**** Data shown

(* Let $S$ be a sign string of length $n$ and $J$ a state string such that $(S,J)$ is a dominant lattice path, and let $w^S_J\in\mathrm{Inv}(V^S)$ be the value of the web produced by the growth algorithm from $(S,J)$. Then $$w^S_J=e^S_J+\sum_{J'<J}c(S,J,J')\,e^S_{J'}$$ for some coefficients $c(S,J,J')\in\mathbb{N}[v,v^{-1}]$ (polynomials in $v^{\pm1}$ with nonnegative integer coefficients), where state strings are ordered lexicographically (with $-1<0<1$).
   Context: Let $v$ be an indeterminate, $q^{1/2}=-v$, ground field $\mathbb{C}(v)$. $V^+$ and $V^-$ are the 3-dimensional representations of $U_q(\mathfrak{sl}(3))$ (tensor products via $\bar\Delta(E_i)=E_i\otimes1+K_i^{-1}\otimes E_i$, $\bar\Delta(F_i)=F_i\otimes K_i+1\otimes F_i$, $\bar\Delta(K_i)=K_i\otimes K_i$) with bases $e^\pm_1,e^\pm_0,e^\pm_{-1}$: on $V^+$, $E_1e^+_0=e^+_1$, $F_1e^+_1=e^+_0$, $E_2e^+_{-1}=e^+_0$, $F_2e^+_0=e^+_{-1}$, $K_1=\mathrm{diag}(q^{1/2},q^{-1/2},1)$, $K_2=\mathrm{diag}(1,q^{1/2},q^{-1/2})$ on $(e^+_1,e^+_0,e^+_{-1})$; on $V^-$, $E_1e^-_{-1}=e^-_0$, $F_1e^-_0=e^-_{-1}$, $E_2e^-_0=e^-_1$, $F_2e^-_1=e^-_0$, $K_1=\mathrm{diag}(1,q^{1/2},q^{-1/2})$, $K_2=\mathrm{diag}(q^{1/2},q^{-1/2},1)$ on $(e^-_1,e^-_0,e^-_{-1})$; other $E_i,F_i$ on basis vectors are $0$. For $S=(s_1,\dots,s_n)\in\{+,-\}^n$ and $J\in\{-1,0,1\}^n$: $V^S=V^{s_1}\otimes\cdots\otimes V^{s_n}$, $e^S_J=e^{s_1}_{j_1}\otimes\cdots\otimes e^{s_n}_{j_n}$. Dominance: with $\mu^\pm$ fundamental weights, $\alpha_i$ simple roots, $\mathrm{wt}(e^+_1)=\mu^+$, $\mathrm{wt}(e^+_0)=\mu^+-\alpha_1$, $\mathrm{wt}(e^+_{-1})=\mu^+-\alpha_1-\alpha_2$, $\mathrm{wt}(e^-_1)=\mu^-$, $\mathrm{wt}(e^-_0)=\mu^--\alpha_2$, $\mathrm{wt}(e^-_{-1})=\mu^--\alpha_1-\alpha_2$; $(S,J)$ is dominant if the partial sums $\pi_k=\sum_{\ell\le k}\mathrm{wt}(e^{s_\ell}_{j_\ell})$ are nonnegative integral combinations of $\mu^+,\mu^-$ and $\pi_n=0$. Elementary tensors: $b^{+-}=e^+_1\otimes e^-_{-1}+v^{-1}e^+_0\otimes e^-_0+v^{-2}e^+_{-1}\otimes e^-_1$, $b^{-+}$ likewise with signs swapped; $t^{---}=e^-_1\otimes e^-_0\otimes e^-_{-1}+v^{-1}e^-_0\otimes e^-_1\otimes e^-_{-1}+v^{-1}e^-_1\otimes e^-_{-1}\otimes e^-_0+v^{-2}e^-_0\otimes e^-_{-1}\otimes e^-_1+v^{-2}e^-_{-1}\otimes e^-_1\otimes e^-_0+v^{-3}e^-_{-1}\otimes e^-_0\otimes e^-_1$, $t^{+++}$ likewise with $+$; $\sigma_{\pm\mp}(e^\pm_{-1}\otimes e^\mp_1)=1$, $\sigma_{\pm\mp}(e^\pm_0\otimes e^\mp_0)=v$, $\sigma_{\pm\mp}(e^\pm_1\otimes e^\mp_{-1})=v^2$, other pairs $0$. Webs and values: a web with boundary $S$ is an oriented graph in the closed lower half-plane with endpoints $1..n$ on $y=0$ left to right, other vertices trivalent sources or sinks, edge at endpoint $k$ pointing toward it iff $s_k=+$. Its value is computed after isotoping so each trivalent vertex has all edges leaving upward, by reading horizontal slices bottom to top (strands labeled $+$ if pointing up, $-$ if down): a cup with legs $(a,b)$ inserts $b^{ab}$, a vertex inserts $t^{+++}$ or $t^{---}$, a cap with legs $(a,b)$ applies $\sigma_{ab}$; this is isotopy invariant. Growth algorithm: starting from $n$ parallel strands with strings $(S,J)$, repeatedly apply to adjacent positions with signs $(s,s')$ and states $(j,j')$ one of: if $s'\ne s$ and $(j,j')\in\{(1,0),(0,0),(0,-1)\}$, attach an ''H'' (two trivalent vertices joined by a horizontal edge, each joined to its strand above and a new strand below), new signs $(s',s)$, new states $(0,1),(-1,1),(-1,0)$ respectively; if $s'\ne s$ and $(j,j')=(1,-1)$, join by a cup and delete both positions; if $s'=s$ and $(j,j')\in\{(1,0),(0,-1),(1,-1)\}$, join at a trivalent vertex whose third edge continues downward as one position of opposite sign with state $1,-1,0$ respectively. For dominant $(S,J)$ the algorithm ends with empty strings, producing a web with boundary $S$. *)

From HB Require Import structures.
From mathcomp Require Import all_boot all_order all_algebra.
Set Implicit Arguments. Unset Strict Implicit. Unset Printing Implicit Defensive.
Import Order.TTheory GRing.Theory Num.Theory.
Local Open Scope ring_scope.
(* [Uk k] follows U before time L + k and U' afterwards; passing from [Uk k]
   to [Uk k.+1] adds an impulse at time L + k. *)
Lemma stored_input_late x U U' : (forall i, (i < L)%N -> U i = U' i) ->
  stored x U = stored x U'.
Proof.
move=> UU'; pose Uk k i := if (i < L + k)%N then U i else U' i.
suff Uk_stored k : stored x (Uk k) = stored x U'.
  rewrite -(Uk_stored K); apply: eq_stored => i iK.
  by rewrite /Uk (leq_trans iK (leq_addl _ _)).
elim: k => [|k IH].
  by apply: eq_stored => i _; rewrite /Uk addn0; case: ifP => // /UU'.
rewrite -IH -(storedD_null x (Uk k) (stored_impulse_late (U (L + k)%N - U' (L + k)%N)
  (leq_addr k L))) add0r.
apply: eq_stored => i _; rewrite /Uk /impulse addnS ltnS leq_eqVlt.
by case: eqVneq => [->|_] /=; rewrite ?ltnn ?subrK ?add0r.
Qed.

Lemma stored_state_unobs x x' U :
  (forall i, (i < L)%N -> C *m A ^+ i *m (x - x') = 0) -> stored x U = stored x' U.
Proof.
move=> unobs; have null : stored (x - x') (fun=> 0) = 0.
  rewrite /stored QDFE window_eq0 ?/quad_form ?trmx0 ?mul0mx ?mxE // => i _.
  rewrite /io_traj state_traj_free // mulmx0 addr0 mulmxA.
  by rewrite (lag_obs_kernel lag_L unobs) col_mx0.
by rewrite -(storedD_null x' U null) subrK; apply: eq_stored => i _; rewrite add0r.
Qed.

Lemma stored_window x U x' U' :
  (forall i, (i < L)%N -> io_traj x U i = io_traj x' U' i) -> stored x U = stored x' U'.
Proof.
move=> xx'; have UU' i : (i < L)%N -> U i = U' i.
  by move=> iL; have := congr1 usubmx (xx' i iL); rewrite !col_mxKu.
rewrite (stored_input_late x UU') (@stored_state_unobs x x') // => i iL.
have := congr1 dsubmx (xx' i iL); rewrite !col_mxKd -(UU' i iL) => /addIr.
rewrite (state_traj_split A B x) (state_traj_split A B x').
rewrite (@eq_state_traj _ _ _ A B 0 U U' i) => [|k ki]; last exact/UU'/(ltn_trans ki).
by rewrite mulmxBr !mulmxDr !mulmxA => /addIr ->; rewrite subrr.
Qed.

Implicit Types (v : 'cV[R]_(\sum_(i < L) (m + p))).

Definition sample v (j : nat) : 'cV[R]_(m + p) :=
  if insub j is Some i then submxcol (p_ := fun=> (m + p)%N) v i else 0.

Definition sample_input v (j : nat) : 'cV[R]_m := usubmx (sample v j).
Lemma cot_ode_solution_not_O_sq (f q : R -> R) (m d K : R) :
  1 <= m < 3 -> 0 < d <= 1 ->
  (forall t, 0 < t <= d ->
     f t <> 0 /\ q t < m /\ is_derive f t (cos t / sin t * (q t - 1) * f t)) ->
  ~ (forall t, 0 < t <= d -> Rabs (f t) <= K * t ^ 2).
Proof.
  intros Hm Hd Hf HK.
  set (H := fun y => ln (f y * f y) - 2 * (m - 1) * ln (sin y)).
  set (C := 2 * ln K - 2 * (m - 1) * ln (/ 2)).
  assert (Hup : forall t, 0 < t <= d -> H t <= C + (6 - 2 * m) * ln t).
  { intros t Ht; destruct (Hf t Ht) as [Hft _].
    pose proof (HK t Ht) as HKt; pose proof (Rabs_pos_lt _ Hft) as Hft'.
    assert (Ht2 : 0 < t ^ 2) by (apply pow_lt; lra).
    assert (HKpos : 0 < K) by (destruct (Rle_lt_dec K 0); [nra | lra]).
    assert (Hln_f : ln (f t * f t) <= 2 * ln K + 4 * ln t).
    { replace (2 * ln K + 4 * ln t) with (ln ((K * t ^ 2) * (K * t ^ 2)))
        by (rewrite !ln_mult, ln_pow by (try apply Rmult_lt_0_compat; lra); simpl; ring).
      replace (f t * f t) with (Rabs (f t) * Rabs (f t))
        by (rewrite <- Rabs_mult; apply Rabs_pos_eq; nra).
      apply ln_le; [nra | apply Rmult_le_compat; lra]. }
    assert (Hln_sin : ln t + ln (/ 2) <= ln (sin t)).
    { rewrite <- ln_mult by lra; apply ln_le; [lra|].
      pose proof (half_le_sin t ltac:(lra)); lra. }
    unfold H, C; nra. }
  set (B := (H d - C) / (6 - 2 * m)).
  assert (Hev : at_right 0 (fun t => (0 < t <= d) /\ ln t < B)).
  { apply filter_and.
    - exists (mkposreal d (proj1 Hd)); intros y Hy Hy0.
      change (Rabs (y - 0) < d) in Hy; rewrite Rminus_0_r, Rabs_pos_eq in Hy; lra.
    - apply (is_lim_ln_0 (fun y => y < B)); exists B; auto. }
  destruct (filter_ex _ Hev) as [t [Ht Hlt]].
  assert (Hmono : H d <= H t).
  { apply (ln_sq_sub_ln_sin_antitone f q m d); [lra | exact Hf | lra | lra]. }
  pose proof (Hup t Ht).
  apply (Rmult_lt_compat_l (6 - 2 * m)) in Hlt; [|lra].
  unfold B in Hlt; rewrite Rmult_div_assoc, Rmult_div_r in Hlt by lra.
  lra.
Qed.

Lemma umbilic_slope0_ge_3 (r : R -> R) (mu : R) :
  Ck 4 r -> (forall t, r (- t) = r t) -> umbilic_slope0 r mu -> 3 <= mu.
Proof.
  intros C E [Hne Hlim].
  destruct (Rle_lt_dec 3 mu) as [|Hmu]; [assumption | exfalso].
  set (m := Rmax ((mu + 3) / 2) 1).
  assert (Hm : 1 <= m < 3) by (split; [apply Rmax_r | apply Rmax_lub_lt; lra]).
  assert (Hmum : 0 < m - mu) by (assert ((mu + 3) / 2 <= m) by apply Rmax_l; lra).
  assert (Hq : at_right 0 (fun t => slope_ratio r 0 t < m)).
  { apply (filter_imp (fun t => ball mu (mkposreal _ Hmum) (slope_ratio r 0 t))).
    - intros t Ht; change (Rabs (slope_ratio r 0 t - mu) < m - mu) in Ht.
      apply Rabs_def2 in Ht; lra.
    - exact (Hlim _ (locally_ball mu (mkposreal _ Hmum))). }
  destruct (filter_and _ _ Hne Hq) as [e He].
  destruct (radius1_sub_pole_le r C E) as [K HK].
  pose proof (cond_pos e) as He0.
  set (d := Rmin 1 (e / 2)).
  assert (Hd : 0 < d <= 1) by (split; [apply Rmin_pos | apply Rmin_l]; lra).
  assert (Hde : d < e) by (assert (d <= e / 2) by apply Rmin_r; lra).
  apply (cot_ode_solution_not_O_sq (fun t => radius1 r t - radius1 r 0) (slope_ratio r 0) m d K);
    [exact Hm | exact Hd | | intros t Ht; apply HK; lra].
  intros t Ht.
  assert (Hball : ball 0 e t)
    by (change (Rabs (t - 0) < e); rewrite Rminus_0_r, Rabs_pos_eq; lra).
  destruct (He t Hball ltac:(lra)) as [Hf Hqt].
  assert (Hs : sin t <> 0) by (pose proof (half_le_sin t ltac:(lra)); lra).
  split; [lra | split; [exact Hqt |]].
  pose proof (is_derive_radius1 r t (proj1 C 1%nat ltac:(lia) t) (proj1 C 2%nat ltac:(lia) t) Hs)
    as Hd1.
  auto_derive; [eexists; exact Hd1|].
  change (Derive (fun x => radius1 r x) t) with (Derive (radius1 r) t).
  rewrite (is_derive_unique _ _ _ Hd1).
  unfold slope_ratio; rewrite <- (radius1_pole r 0 sin_0); field; lra.
Qed.

Lemma radius1_reflect_PI (r : R -> R) (t : R) :
  (forall k y, (k <= 2)%nat -> ex_derive_n r k y) ->
  radius1 (fun s => r (PI - s)) t = radius1 r (PI - t).
Proof.
  intros Hr; unfold radius1.
  change (Derive (fun s => r (PI - s)) t) with (Derive_n (fun s => r (PI - s)) 1 t).
  change (Derive r (PI - t)) with (Derive_n r 1 (PI - t)).
  rewrite !Derive_n_reflect, sin_PI_x, Rtrigo_facts.cos_pi_minus
    by (intros k y Hk; apply Hr; lia).
  destruct Req_EM_T; [ring | field; assumption].
Qed.

Lemma radius2_reflect_PI (r : R -> R) (t : R) :
  (forall k y, (k <= 2)%nat -> ex_derive_n r k y) ->
  radius2 (fun s => r (PI - s)) t = radius2 r (PI - t).
Proof. intros Hr; unfold radius2; rewrite Derive_n_reflect by exact Hr; ring. Qed.

Lemma filterlim_reflect_at_right (a : R) :
  filterlim (fun t => a - t) (at_right 0) (at_left a).
Proof.
  intros P [e He]; exists e; intros y Hy Hy0; apply He; [|lra].
  change (Rabs (a - y - a) < e); change (Rabs (y - 0) < e) in Hy.
  now replace (a - y - a) with (- (y - 0)) by ring; rewrite Rabs_Ropp.
Qed.

Lemma umbilic_slopePI_reflect (r : R -> R) (mu : R) :
  (forall k y, (k <= 2)%nat -> ex_derive_n r k y) ->
  umbilic_slopePI r mu -> umbilic_slope0 (fun s => r (PI - s)) mu.
Proof.
  intros Hr [Hne Hlim]; split.
  - eapply filter_imp; [|apply (filterlim_reflect_at_right PI), Hne]; intros t Ht.
    now rewrite !radius1_reflect_PI, Rminus_0_r.
  - apply (filterlim_ext (fun t => slope_ratio r PI (PI - t))).
    { intros t; unfold slope_ratio.
      now rewrite !radius1_reflect_PI, !radius2_reflect_PI, Rminus_0_r. }
    eapply filterlim_comp; [apply filterlim_reflect_at_right | exact Hlim].
Qed.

********

▶ [What you are asked to do]
Go through the material above and output exactly the lines from the one containing "by (intros k y Hk; apply Hr; lia)." through the one containing "Lemma filterlim_reflect_at_right (a".

▶ [Exercise response]
    by (intros k y Hk; apply Hr; lia).
  destruct Req_EM_T; [ring | field; assumption].
Qed.

Lemma radius2_reflect_PI (r : R -> R) (t : R) :
  (forall k y, (k <= 2)%nat -> ex_derive_n r k y) ->
  radius2 (fun s => r (PI - s)) t = radius2 r (PI - t).
Proof. intros Hr; unfold radius2; rewrite Derive_n_reflect by exact Hr; ring. Qed.

Lemma filterlim_reflect_at_right (a : R) :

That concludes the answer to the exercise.